Текст книги "Александр Первый и Наполеон. Дуэль накануне войны"
Автор книги: Владлен Сироткин
Жанр:
История
сообщить о нарушении
Текущая страница: 7 (всего у книги 18 страниц) [доступный отрывок для чтения: 7 страниц]
* * *
Опасения Наполеона, что англичане попытаются помешать франко-русским сепаратным переговорам, имели под собой реальные основания. С 11 июня в Тильзите, а затем в Мемеле сидел английский посол лорд Гоуэр. Правда, беседа, которую он имел с Александром 17 июня относительно практического участия в войне против Франции (высадка десанта, посылка дополнительных субсидий и т. п.), ничего не дала. Царь обрушился на Гоуэра с резкими нападками, упрекая Англию в полнейшей бездеятельности. 23 июня Гоуэр обратился к Будбергу с письмом, прося информировать его о состоянии франко-русских отношений. Одновременно он просил аудиенцию у Александра I. Будберг сообщил ему о заключении франко-русского перемирия от 21 июня, но в аудиенции с царем отказал. 28 июня Гоуэр снова, на этот раз с официальной нотой, обратился к Будбергу. От имени английского правительства он одобрил заключение перемирия, но выступил против сепаратных франко-русских мирных переговоров. Ссылаясь на союзные обязательства России по отношению к Англии, он требовал привлечения английских представителей к этим переговорам и заключения «всеобщего мира». В то же время Гоуэр пытался воздействовать на царя через своих друзей. 23 июня он направил Чарторыйскому письмо, в котором умолял убедить Александра I не заключать с Францией сепаратного мира. Но попытки английского посла оказать воздействие на царя не имели успеха.
Убедившись, что Наполеон не менее его желает мира, Александр I решил проявить максимум дипломатической изворотливости и заключить этот мир на наименее невыгодных для себя условиях. 20 июня он уже пишет Бенигсену, что Лобанов-Ростовский «уполномачивается мною войти в переговоры как о перемирии, так и о мире сроком на один месяц на условиях сохранения настоящих позиций наших войск».

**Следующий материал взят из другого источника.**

Theorem lemma5 (R : realType) (H : completeNormedModType R)
  (ip : H -> H -> R) (A : H -> nat -> R) (Astar : (nat -> R) -> H)
  (n : nat) (b : 'I_n -> H) (P : H -> H) (f : H) :
  is_inner_product ip ->
  bounded_linear_to_c0 A ->
  is_adjoint ip A Astar ->
  (forall x y, A x = A y -> x = y) ->
  (forall u v, l1 u -> l1 v -> Astar u = Astar v -> u = v) ->
  lin_indep b ->
  is_orth_proj ip b P ->
  forall u, l1_solution Astar P f u ->
  exists (m : nat) (lam : 'I_m -> R) (w : 'I_m -> nat -> R),
    [/\ forall j, 0 <= lam j,
        \sum_(j < m) lam j = 1,
        forall j, minimal_support_solution Astar P f (w j)
      & u = fun k => \sum_(j < m) lam j * w j k].
Proof.
move=> ipP A_c0 Astar_adj _ _ _ P_orth u u_sol.
have [N solution_below] := l1_solution_supported_below (f := f) ipP A_c0 Astar_adj P_orth.
have solE := l1_solutionE N solution_below u u_sol.
have V_supp v : feasible Astar P f v /\ supported_below N v -> supported_below N v.
  by case.
have := l1_minimizer_convex_combination _ _ (feasible_line_point ipP Astar_adj P_orth N)
  V_supp u ((solE u).1 u_sol).
case=> m [lam [w [lam_ge0 lam_sum w_ms ->]]]; exists m, lam, w; split=> // j.
have [/solE w_sol w_min] := w_ms j; split=> // v /solE; exact: w_min.
Qed.
Lemma copy_W12_star n (S C : {set cube n}) : gives_copy W12 S C -> star S C.
Proof.
case/existsP=> f /and4P [/injectiveP f_inj /eqP fC /forallP f_adj /eqP fW].
have f_adj' x y : adj (f x) (f y) = adj x y by have /eqP := forallP (f_adj x) y.
rewrite -fC star_imset //.
have -> : f @^-1: S = W12.
  apply/setP=> y; rewrite inE -(mem_imset _ _ f_inj) fW inE -fC imset_f //.
  by rewrite andbT.
apply/existsP; exists (origin 3); rewrite inE /=.
by apply/forallP=> y; rewrite W12E eqxx implybT.
Qed.

Lemma star_copy_W12 n (S : {set cube n}) (D : {set 'I_n}) b :
  #|D| = 3 -> star S (subcube_of D b) -> gives_copy W12 S (subcube_of D b).
Proof.
move=> D3 /existsP [v /andP [vC /forallP vS]].
have [e e_inj De] := injection_onto D3.
rewrite -(subcube_of_mem vC) -De (subcube_embedT e_inj) in vS *.
pose a : cube 3 := [ffun k => v (e k)].
pose f : {ffun cube 3 -> cube n} := [ffun y => embed e v (xorc a y)].
have f_inj : injective f.
  by move=> y y'; rewrite !ffunE => /(embed_inj e_inj) /(can_inj (xorcK a)).
have f_diff y y' : #|diff (f y) (f y')| = #|diff y y'|.
  by rewrite !ffunE (diff_embed e_inj) card_imset // diff_xorc.
have fC : f @: setT = embed e v @: setT.
  by apply/setP=> x; apply/imsetP/imsetP => -[y _ ->]; exists (xorc a y);
    rewrite // ffunE ?xorcK.
have f0 : f (origin 3) = v.
  rewrite ffunE -[RHS](embed_restrict e_inj v); congr embed.
  by apply/ffunP=> k; rewrite !ffunE addbF.
have fS y : (f y \in S) = (y \in W12).
  rewrite W12E -f_diff f0; apply/eqP/(implyP (vS (f y))).
  by rewrite -fC imset_f.
apply/existsP; exists f; apply/and4P; split.
- exact/injectiveP.
- by rewrite fC.
- by apply/forallP=> x; apply/forallP=> y; rewrite !adjE f_diff.
apply/eqP/setP=> x; rewrite inE -fC.
apply/imsetP/andP => [[y yW ->]|[xS /imsetP [y _ def_x]]].
  by rewrite fS imset_f.
by exists y; rewrite // -fS -def_x.
Qed.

21 июня перемирие было подписано. Наполеон принял предложенную Россией демаркационную линию по Неману (статья 4-я), согласился в течение четырех-пяти дней заключить перемирие с прусским королем (статья 3-я) и даже дал время Александру I обдумать условия мира, поскольку перемирие не было ограничено никаким сроком (статья 1-я). Обе стороны соглашались назначить уполномоченных для заключения «окончательного мира» (статья 5-я).
Пока Лобанов-Ростовский вел переговоры о перемирии, между царем и Куракиным, по-прежнему остававшимся самым доверенным лицом Александра I, состоялась откровенная конфиденциальная беседа о будущем франко-русских отношений. В начале беседы царь подробно остановился на мотивах, побуждающих его заключить сепаратный мир с Францией: русская армия понесла большие потери; Россия не может более вести войну один на один с Францией без эффективной помощи союзников по IV коалиции; Англия, ее основной участник, «ведет себя дурно с самого начала». Словом, передавал Куракин вывод Александра 1, «бывают обстоятельства, в которых нужно думать преимущественно о самосохранении и не руководствоваться никакими правилами, кроме мысли о благе государства».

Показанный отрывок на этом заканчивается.